So it turns out that my crappy morning on Friday may have been virus-induced. I'm pretty sick, and struggling to keep my wits about me. Not out-cold-on-my-rear-end sick like I can get. It's an I-can-still-go-to-work-and-stuff sick. But it just makes "dealing with the day" a bit more difficult. Yesterday was a busy Sunday. We had an evening church meeting for which I was asked to lead worship, in addition to the usual morning service. Both were such blessings, and were great for my heart, soul, mind, and strength. God has a way of meeting me when I'm at my worst, like that-- hardly able to talk, with the laryngitis and what-not, laced with all kinds of cold/flu medicines, low-grade fever sweats... but I open my mouth and the worship comes out, and He is glorified.
But as I was leaving the evening meeting last night, guitar under one arm, and TJ in the other, I was just struggling. I get that way on Sunday nights, anyway. I always have. As much as I love my job, and as "easy" as Monday mornings are for me (relative to the average among working people everywhere), I just have always struggled letting go of the weekend... the time at home, the rest, the comfort, and so-on. It used to be that I'd just lean on Leslie those nights. The aforementioned card games and a glass of wine. Maybe crash on the couch and watch a movie or a couple of our Office episodes. (By the way... has the Office new season started yet? I've completely lost touch with the world of Dwight, Jim, Pam, Michael, and the gang.) Last night, driving home with a wired and over-tired 3-year-old in the back seat, feeling my fever creep back a little, I was just really loathing facing the evening at home without Leslie. It was a night that, had it been a year or so ago, I would have just said, upon arriving home, "Honey, I need to pay some bills and clean up the desk. I feel like crap, and need to get to bed early. Can you take care of TJ duty tonight?" Instead, I just prayed all the way home (it was a short drive- 2 miles maybe- but it felt like 1000), "God... Provide... Get me through... Heal me... Settle him... I can't..." and so-on.
Now- to those of you from my church who are reading this... Please don't take this as a "cry for help" or as a "guilt trip" or whatever. I had so many people offer me last night, before leaving for home, "ANYTHING...ANY TIME..." But the fact of the matter is, TJ and I just need nights like this. It's all part of the process. To have had somebody else there to "help out" would have made it emotionally quite a bit harder. It's hard to explain. But I just needed to experience the "solitude" last night. (Different than "loneliness", as a cousin wiser than me has eloquently pointed out.) There are times God provides actual people and opportunities and tangible vehicles of His grace. And then there are times like last night where He attends to us as we wander in the desert. I'm not afraid to accept help when it's needed. I'm also not afraid to decline when I don't.

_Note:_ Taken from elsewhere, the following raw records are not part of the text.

Lemma factors_nonzero (s X : R) :
  s * s = X * X - 1 -> s <> 0 -> X * X - 1 <> 0 /\ 1 + X <> 0.
Proof.
  intros Hs Hnz. assert (Hpos : 0 < s * s) by (apply Rsqr_pos_lt; exact Hnz).
  split; intro; nra.
Qed.

Lemma sin_sum3 (x y z : R) :
  sin (x + y + z) = sin x * cos y * cos z + cos x * sin y * cos z
                    + cos x * cos y * sin z - sin x * sin y * sin z.
Proof. repeat rewrite ?sin_plus, ?cos_plus. ring. Qed.

Lemma cos_sum3 (x y z : R) :
  cos (x + y + z) = cos x * cos y * cos z - cos x * sin y * sin z
                    - sin x * cos y * sin z - sin x * sin y * cos z.
Proof. repeat rewrite ?sin_plus, ?cos_plus. ring. Qed.

(* The ratio sin(area) / Delta2 and the cosine of the angle sum, as rational
   functions of A = cosh a, B = cosh b, C = cosh c. *)
Definition area_ratio (A B C : R) : R :=
  (1 + A + B + C) / ((1 + A) * (1 + B) * (1 + C)).

Definition angle_sum_cos (A B C : R) : R :=
  ((B*C - A) * (A*C - B) * (A*B - C)
   - gram A B C * ((B*C - A) + (A*C - B) + (A*B - C)))
  / ((A*A - 1) * (B*B - 1) * (C*C - 1)).

(* Sine and cosine of alpha + beta + gamma once every sine is written as
   D / (product of the adjacent sinh) and every cosine by the law of cosines,
   with D^2 the Gram determinant. *)
Section AngleSum.
Variables A B C sa sb sc D : R.
Hypotheses (Hsa : sa * sa = A * A - 1) (Hsb : sb * sb = B * B - 1)
           (Hsc : sc * sc = C * C - 1).
Hypotheses (Hsa0 : sa <> 0) (Hsb0 : sb <> 0) (Hsc0 : sc <> 0).
Hypothesis HD : D * D = gram A B C.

Anyway, God again provided, and here I am again, at my desk, taking a busy-work break to share this all with you. I'm not sure if I'm feeling better or worse, this morning, in regards to this little virus. I guess we can just say it's "progressing" which is better than "going nowhere". I should be back to 100% by the end of the week, according to others who seem to have had the same thing. More notable, perhaps, is an experience I had this morning, as I was getting ready for the day. It was before sunrise, the only light in the room was coming from my closet and the adjascent bathroom. I was sitting on my bed, buttoning up my shirt, just looking at the pictures on Leslie's dresser.
Just beautiful photos of the two of us. (I mean, photos of beautiful moments... you know what I mean...) On our wedding day. (pictured here) At a romantic little restaurant in St. Marten on our honeymoon. (We looked so YOUNG!) A picture of us grinning proudly as she holds up a giant 24" catfish she had just pulled out of my parent's pond. And one of my personal favorites-- pictures of us at Tad (my little brother) and Amity's wedding. I have often said that, while Leslie was unbelievably gorgeous on her wedding day, I believe she looked her BEST at that wedding, in July of '07, a mere two months before she was diagnosed. It's just so hard to believe, as I stare at her face in those pictures, that a tumor was growing there, right behind her eyes...
Anyway, I'm sitting there on my bed this morning, in a bit of a haze as I try to shake free from the grasp of sleep, trying to get my senses about me, to determine just how sick I am this morning... just staring at these pictures. And I realize in a moment of self-awarenes... I'm not crying. In fact, I'm smiling. The joy of the memories encapsulated in those pictures, even in my moment of half-consciousness, outweigh the pain of the loss that has followed. I am so thankful for the life we had, even if it is no longer. It is still ours. It is still mine.
So I hate to be redundant and go back to the "bittersweet" theme... But so it is this morning. Trying to keep in my right mind-- and within striking distance of the nearest bathroom-- as this virus "progresses", just trying to "get through" the day... the week... but with a soft smile on my face, in utter appreciation and thanksgiving for the gift of life with which we were blessed for those 7 years... and even more so, knowing that I get to carry those seven years with me, for the rest of this life... and then some.